シーマン

文戸玲

話の関係


「確かに,その女の行動は配慮ある行動や。でもな,優しさをはき違えてるんちゃうかなって思うねんけど。ほんまにそれは,優しいって言ってええんか?」
「ほう,詳しく聞かせてみい」


 シーマンは愉快そうに先を促した。
 大貴は何を言おうとしているのだろう。本当の優しさ? 半分酔っぱらっているとはいえ,こいつの口からそんな道徳的な言葉が出るとは。雪でも降っているのではと窓の外が見たくなる発言だ。

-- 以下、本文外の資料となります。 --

(* Let $G$ be a finite non-abelian group with $G/Z(G)\cong\mathbb{Z}_p\times\mathbb{Z}_p$ for a prime $p$. Then $\Gamma_G$ is neither hyperenergetic, L-hyperenergetic nor Q-hyperenergetic.
   Context: The NCCC-graph $\Gamma_G$ of a finite non-abelian group $G$ with center $Z(G)$ has vertex set $\{x^G: x\in G\setminus Z(G)\}$ ($x^G$ the conjugacy class of $x$), distinct vertices $x^G,y^G$ adjacent iff $x'y'\neq y'x'$ for all $x'\in x^G,y'\in y^G$. For a simple graph $\mathcal G$ with adjacency matrix $A$, degree matrix $D$, $L=D-A$, $Q=D+A$: $E(\mathcal G)=\sum|\lambda|$ over eigenvalues of $A$; with $\Delta=2|E(\mathcal G)|/|V(\mathcal G)|$, $LE(\mathcal G)=\sum|\beta-\Delta|$ over eigenvalues $\beta$ of $L$, $SE(\mathcal G)=\sum|\gamma-\Delta|$ over eigenvalues $\gamma$ of $Q$ (with multiplicity). For $N=|V(\mathcal G)|$ and $K_N$ the complete graph, $E(K_N)=LE(K_N)=SE(K_N)=2(N-1)$. $\mathcal G$ is hyperenergetic if $E(\mathcal G)>E(K_N)$, L-hyperenergetic if $LE(\mathcal G)>LE(K_N)$, Q-hyperenergetic if $SE(\mathcal G)>SE(K_N)$. *)

From mathcomp Require Import all_boot all_order all_algebra all_fingroup all_solvable all_field.
Set Implicit Arguments. Unset Strict Implicit. Unset Printing Implicit Defensive.
Import Order.TTheory GRing.Theory Num.Theory.
Local Open Scope ring_scope.

(* the eigenvalues (with algebraic multiplicity) of A: the roots of its
   characteristic polynomial, which splits over the algebraically closed algC *)
Definition spectrum (N : nat) (A : 'M[algC]_N) : seq algC :=
  sval (closed_field_poly_normal (char_poly A)).

Definition deg_mx (N : nat) (A : 'M[algC]_N) : 'M[algC]_N :=
  diag_mx (\row_i \sum_j A i j).

Definition lap_mx (N : nat) (A : 'M[algC]_N) := deg_mx A - A.
Definition slap_mx (N : nat) (A : 'M[algC]_N) := deg_mx A + A.

(* average degree  Delta = 2|E| / |V| = (sum of degrees) / N *)
Definition avg_deg (N : nat) (A : 'M[algC]_N) : algC :=
  (\sum_i \sum_j A i j) / N%:R.

Definition energy (N : nat) (A : 'M[algC]_N) : algC :=
  \sum_(l <- spectrum A) `|l|.
Definition lap_energy (N : nat) (A : 'M[algC]_N) : algC :=
  \sum_(b <- spectrum (lap_mx A)) `|b - avg_deg A|.
Definition slap_energy (N : nat) (A : 'M[algC]_N) : algC :=
  \sum_(g <- spectrum (slap_mx A)) `|g - avg_deg A|.

Definition complete_adj (N : nat) : 'M[algC]_N := \matrix_(i, j) (i != j)%:R.

Definition hyperenergetic (N : nat) (A : 'M[algC]_N) :=
  energy (complete_adj N) < energy A.
Definition L_hyperenergetic (N : nat) (A : 'M[algC]_N) :=
  lap_energy (complete_adj N) < lap_energy A.
Definition Q_hyperenergetic (N : nat) (A : 'M[algC]_N) :=
  slap_energy (complete_adj N) < slap_energy A.

Section NCCC.
Variables (gT : finGroupType) (G : {group gT}).

Definition nccc_vertices : {set {set gT}} :=
  [set C in classes G | ~~ (C \subset 'Z(G))]%g.

Definition nccc_N : nat := #|nccc_vertices|.

Definition nccc_vertex (i : 'I_nccc_N) : {set gT} := enum_val i.

Definition nccc_adj (i j : 'I_nccc_N) : bool :=
  (i != j) &&
  [forall x in nccc_vertex i, forall y in nccc_vertex j, x * y != y * x]%g.

Definition nccc_adj_mx : 'M[algC]_nccc_N :=
  \matrix_(i, j) (nccc_adj i j)%:R.
End NCCC.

「間違いに配慮したっていうけど,その後そいつは知らんまま過ごすんか? そっちの方がよっぽど恥ずかしいやろ。伝えるタイミングを考えて後で二人の時にこそっと言うんならまだ分かるわ。でもな,その時,手を洗う水を一緒になって飲んだ事実は変わらんやろ? そんなことさせるなんて,おれやったら罪悪感で耐えられへんな。なんでその時言うくれへんかったんやって思うわ。しかもやで,ホストの女がその,なんや? ピンキーリングを飲んだ時,周りのやつはどう反応したらええねん。一緒になって飲まなあかんのか? まさか手を洗う訳にはいかへんし。そんなん,押しつけやろ」


 「フィンガーボウルな」とシーマンはすかさず訂正を入れたが,相変わらず楽しそうに話を聞いている。かと思うと,急にこっちを向いて顎でしゃくった。お前はどう思う? ということらしい。


「分かんねえよ。おれに意見を求められても」
「・・・・・・なんや,おもんな」


 話は終わりだ,というように大貴は席につき,ウイスキーをあおるように飲んだ。
 昼間っから酒を飲む男より,なぜか自分の方が何倍もくだらない人間に思えてきた。


「清介,お前には自分の軸がないんよ。じゃけえ,自信もないし女もよってこん。いい加減,気付かにゃいけん」


 諭すように,そして冷たい声でシーマンは言った。
 言われていることは,何となくわかる。正しいのだと肌で感じる。だからこそ,悔しくて腹立たしい。


「どうしろって言うんだよ。てか,その話が何の関係があったんだ?」


 そこから説明せんといけんのんか,とシーマンはうんざりしたように顔をしかめ,「じゃけえの」と続けた。